The toll has been steep.
“We thought, oh, it’s going to be a week, it’s going to be a month,” Chiosque said. “And we’re going for three months.”
She said that although the ordeal was in its third month, “it feels we’re still on the start line.” She added. “I don’t understand how that’s possible.”
Chiosque said she has spent thousands of dollars on emergency travel and last-minute flights, and that money has been short, particularly during the recent six-week government shutdown, when federal employees like her were not paid.
“I didn’t have to take a last-minute flight,” she said. “That cost me so much money. And nothing got resolved.”
The couple speaks daily by phone but has not seen each other in person in months.
“Last time I saw her was in October,” Chiosque said

Xiomara Suarez and Grazi Chiosque.
Grazi Chiosque
Inside Adelanto, Suarez has described conditions that are degrading and isolating.
“There’s mold in the food,” Chiosque said. “You don’t have any privacy.”
“She was put into shackles,” she added. “She told me that crying because it really made her feel like she did something that was wrong, and she didn’t.”
Álvaro M. Huerta, director of litigation and advocacy at the Immigrant Defenders Law Center, said cases like Suarez’s reflect a broader pattern. “This administration is separating and trapping families like Xiomara and Grazielli in a Kafkaesque nightmare, with the clear intention of making life so unbearable that they abandon all hope,” Huerta said. “It’s not only a policy failure, but also a betrayal of LGBTQ immigrant families who deserve dignity, safety, and the chance to thrive.”
Huerta said the consequences extend beyond individual cases. “It is un-American, and it exposes how Stephen Miller and Donald Trump are dismantling any semblance of due process in the immigration system, eroding the rule of law, and shattering public faith in our government institutions,” he said. “It is deliberate and systemic cruelty. And tragically, immigrant and mixed-status families will continue to bear the burden of this government-orchestrated trauma.”
Congressional outreach and limited leverage
Chiosque has contacted U.S. Sen. John Fetterman’s office in Pennsylvania and U.S. Rep. Laura Friedman’s office in California. She represents the district where Suarez is detained. Both offices have opened inquiries, Chiosque said, but neither has been able to force a resolution or even secure clarity on which agency is responsible for adjudicating the spousal petition.
A spokesperson for Friedman told The Advocate that they declined to comment on the case. “We do not comment on individual constituent service requests,” the spokesperson said. “When constituents ask for help, our office fights to get them the answers and action they deserve from the relevant federal agencies.”
In a separate statement, Friedman criticized the broader immigration enforcement approach under Trump. “Rather than focusing on serious criminals, Trump is targeting hardworking members of our communities who have lived here for years and are seeking a better life for their families,” Friedman told The Advocate in a statement. “Trump’s policies are cruel and deeply wrong, which is why I’m leading the No Masks for ICE Act to bring accountability and transparency back to our communities. Simultaneously, I’ll keep fighting for commonsense immigration reform to ensure that those who deserve to be in our nation have a real path towards that goal.”
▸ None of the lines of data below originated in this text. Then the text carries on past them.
(* If $T$ is a minimal tree with $|T|\ge 18$, then the root of $T$ has exactly two children, and each child of the root has exactly two children.
   Context: A rooted tree $T$ is a finite tree with a distinguished vertex, its root; its order $|T|$ is its number of vertices. For vertices $u,v$, the infimum of $u$ and $v$ is the vertex common to the path from $u$ to the root and the path from $v$ to the root that is furthest from the root. A set $X\subseteq V(T)$ is infima closed if the infimum of any two elements of $X$ lies in $X$. $I(T)$ denotes the number of nonempty infima closed subsets of $V(T)$. For $n\ge1$, $m_n=\min\{I(T): |T|=n\}$; a rooted tree $T$ with $I(T)=m_{|T|}$ is called minimal. *)

From mathcomp Require Import all_boot.
Set Implicit Arguments. Unset Strict Implicit. Unset Printing Implicit Defensive.

(* Finite rooted trees: a node with a (finite) list of children subtrees.
   The order of children is irrelevant for everything below. *)
Inductive rtree := Node of seq rtree.

Definition children (t : rtree) : seq rtree := let: Node ts := t in ts.

Fixpoint tree_order (t : rtree) : nat :=
  let: Node ts := t in (sumn (map tree_order ts)).+1.

(* Vertices are identified with their addresses: the root is [::], and
   i :: a is the vertex at address a in the i-th child subtree. *)
Fixpoint verts (t : rtree) : seq (seq nat) :=
  let: Node ts := t in
  [::] :: (fix aux (i : nat) (us : seq rtree) : seq (seq nat) :=
             match us with
             | [::] => [::]
             | u :: us' => map (cons i) (verts u) ++ aux i.+1 us'
             end) 0 ts.

(* The path from vertex a to the root consists of the prefixes of a, so the
   infimum of two vertices is their longest common prefix. *)
Fixpoint infimum (a b : seq nat) : seq nat :=
  match a, b with
  | x :: a', y :: b' => if x == y then x :: infimum a' b' else [::]
  | _, _ => [::]
  end.

Definition vert (t : rtree) (k : 'I_(size (verts t))) : seq nat :=
  nth [::] (verts t) k.

Definition infima_closed (t : rtree) (X : {set 'I_(size (verts t))}) : bool :=
  [forall i in X, forall j in X,
     infimum (vert i) (vert j) \in [seq vert k | k in X]].

Definition I (t : rtree) : nat :=
  #|[set X : {set 'I_(size (verts t))} | (X != set0) && infima_closed X]|.

(* T is minimal iff I(T) = m_|T| = min { I(T') : |T'| = |T| } *)
Definition minimal_tree (t : rtree) : Prop :=
  forall t' : rtree, tree_order t' = tree_order t -> I t <= I t'.

(* Everything rests on the recursion for I at a root with children t_1..t_k,
     I(T) = sum_i I(t_i) + prod_i (I(t_i) + 1),
   since a nonempty infima closed set avoiding the root lies inside a single
   child, while one containing the root meets every child in an arbitrary,
   possibly empty, infima closed set; it is obtained (I_node) by counting
   indicator bit sequences of vertex sets.  From it we derive local
   improvements: every child of a minimal tree is minimal, and a minimal tree
   of order >= 8 has exactly two children (minimal_two_children), because any
   other shape admits a rearrangement with smaller I.  Next, lower bounds for
   m_n with n <= 8 are checked by computation; they give I >= 101 from order
   8 on.  Finally, a child of order <= 7 in a minimal tree of order >= 18
   would force its nephews to have order <= 7 too, and an explicit tree then
   beats it (no_small_child); so both children have order >= 8. *)

From HB Require Import structures.
From mathcomp Require Import all_boot zify.
Set Implicit Arguments. Unset Strict Implicit. Unset Printing Implicit Defensive.

(* Subsets of an N-element set are encoded by their indicator bit sequences;
   [bitseqs n] enumerates all bit sequences of length n without repetition. *)
Fixpoint bitseqs (n : nat) : seq bitseq :=
  if n is n'.+1 then map (cons true) (bitseqs n') ++ map (cons false) (bitseqs n')
  else [:: [::]].

Lemma mem_bitseqs n m : (m \in bitseqs n) = (size m == n).
Proof.
elim: n m => [|n IH] [|b m] //=; first by rewrite mem_cat; apply/orP => -[] /mapP [].
rewrite eqSS -IH mem_cat.
have [inj_t inj_f] : injective (cons true) /\ injective (cons false) by split=> ? ? [].
case: b; rewrite ?(mem_map inj_t) ?(mem_map inj_f).
- by case: (m \in bitseqs n) => //=; apply/mapP => -[].
- by have -> : (false :: m \in [seq true :: i | i <- bitseqs n]) = false by apply/mapP => -[].
Qed.

Lemma uniq_bitseqs n : uniq (bitseqs n).
Proof.
elim: n => //= n IH; rewrite cat_uniq !map_inj_uniq //; try by move=> ? ? [].
by rewrite IH /= andbT; apply/hasP => -[x /mapP [y _ ->]] /mapP [].
Qed.

Lemma count_bitseqs_add (R : pred bitseq) n1 n2 :
  count R (bitseqs (n1 + n2)) =
  sumn [seq count (fun m2 => R (m1 ++ m2)) (bitseqs n2) | m1 <- bitseqs n1].
Proof.
elim: n1 R => [|n1 IH] R /=; first by rewrite addn0.
by rewrite count_cat !count_map !IH map_cat sumn_cat -!map_comp.
Qed.

Definition indicator N (X : {set 'I_N}) : bitseq := [seq i \in X | i <- enum 'I_N].

Lemma card_set_count N (R : pred bitseq) :
  #|[set X : {set 'I_N} | R (indicator X)]| = count R (bitseqs N).
Proof.
rewrite cardsE cardE /enum_mem size_filter.
have -> : count (mem [pred X : {set 'I_N} | R (indicator X)]) (Finite.enum {set 'I_N})
   = count R (map (@indicator N) (Finite.enum {set 'I_N})) by rewrite count_map.
apply/permP: R; apply: uniq_perm; last 1 first.
- move=> m; rewrite mem_bitseqs; apply/mapP/idP.
    by move=> [X _ ->]; rewrite /indicator -?enumT size_map size_enum_ord.
  move=> /eqP Hm; exists [set i : 'I_N | nth false m i]; first by rewrite -enumT mem_enum.
  apply: (@eq_from_nth _ false); first by rewrite /indicator -?enumT size_map size_enum_ord Hm.
  move=> i; rewrite Hm => Hi.
  by rewrite /indicator -?enumT (nth_map (Ordinal Hi)) ?size_enum_ord // inE
     -[i]/(val (Ordinal Hi)) nth_ord_enum.
- rewrite map_inj_uniq; first by rewrite -enumT enum_uniq.
  move=> X Y H; apply/setP => i.
  have := congr1 (fun s => nth false s i) H.
  by rewrite /indicator !(nth_map i) -?enumT ?size_enum_ord ?ltn_ord // nth_ord_enum.
- exact: uniq_bitseqs.
Qed.

Definition inf_closed (S : seq (seq nat)) : bool :=
  all (fun u => all (fun v => infimum u v \in S) S) S.

Definition ne_inf_closed (S : seq (seq nat)) : bool := (S != [::]) && inf_closed S.

Definition Icount (t : rtree) : nat :=
  count (fun m => ne_inf_closed (mask m (verts t))) (bitseqs (size (verts t))).

Lemma image_vert (t : rtree) (X : {set 'I_(size (verts t))}) :
  [seq vert k | k in X] = mask (indicator X) (verts t).
Proof.
rewrite /image_mem /enum_mem filter_mask map_mask /indicator -?enumT; congr mask.
transitivity [seq nth [::] (verts t) i | i <- [seq val k | k <- enum 'I_(size (verts t))]].
  by rewrite -map_comp.
by rewrite val_enum_ord -/(mkseq _ _) mkseq_nth.
Qed.

Lemma I_Icount t : I t = Icount t.
Proof.
rewrite /I /Icount -card_set_count; congr (#|pred_of_set _|); apply/setP => X.
rewrite !inE -image_vert; congr andb.
  by rewrite -cards_eq0 -(size_image (@vert t)); case: (image _ _).
rewrite /infima_closed /inf_closed; set S := [seq vert k | k in X].
apply/forall_inP/allP.
- move=> H u /imageP [i Hi ->]; apply/allP => v /imageP [j Hj ->].
  exact: (forall_inP (H i Hi) j Hj).
- move=> H i Hi; apply/forall_inP => j Hj.
  have Si : vert i \in S by apply/imageP; exists i.
  have Sj : vert j \in S by apply/imageP; exists j.
  by have /allP := H (vert i) Si; apply.
Qed.

(* Addresses of the vertices lying in the children [ts], numbered from [j]:
   this is the (anonymous) inner recursion of [verts]. *)
Fixpoint verts_from (j : nat) (ts : seq rtree) : seq (seq nat) :=
  if ts is t :: ts' then map (cons j) (verts t) ++ verts_from j.+1 ts' else [::].

Lemma verts_node ts : verts (Node ts) = [::] :: verts_from 0 ts.
Proof. by []. Qed.

Lemma infimum_cons_eq j a b : infimum (j :: a) (j :: b) = j :: infimum a b.
Proof. by rewrite /= eqxx. Qed.

Lemma infimum_cons_neq j k a b : j != k -> infimum (j :: a) (k :: b) = [::].
Proof. by move=> /negbTE /= ->. Qed.

Lemma infimum_nilr v : infimum v [::] = [::].
Proof. by case: v. Qed.

Definition root_closed (S : seq (seq nat)) : bool :=
  all (fun u => all (fun v => infimum u v \in [::] :: S) S) S.

(* A set containing the root is nonempty, and the root absorbs all infima
   with it. *)
Lemma ne_inf_closed_root S : ne_inf_closed ([::] :: S) = root_closed S.
Proof.
rewrite /ne_inf_closed /inf_closed /root_closed /= mem_head all_predT /=.
by apply: eq_all => u /=; rewrite infimum_nilr mem_head.
Qed.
The Advocate also contacted Fetterman’s office, U.S. Citizenship and Immigration Services, and Immigration and Customs Enforcement for comment. None responded.
“It feels like we’re begging”
For Chiosque, the most painful part is not just the waiting, but the inversion of responsibility. She followed the rules. She trusted the system. She works for it. For a federal employee who believes in systems, that may be the most unsettling lesson of all.
“All we’re asking for is to approve the green card,” she said. “We didn’t really do anything besides follow what was asked.”
“It feels like we’re begging for something that it’s our right,” she said.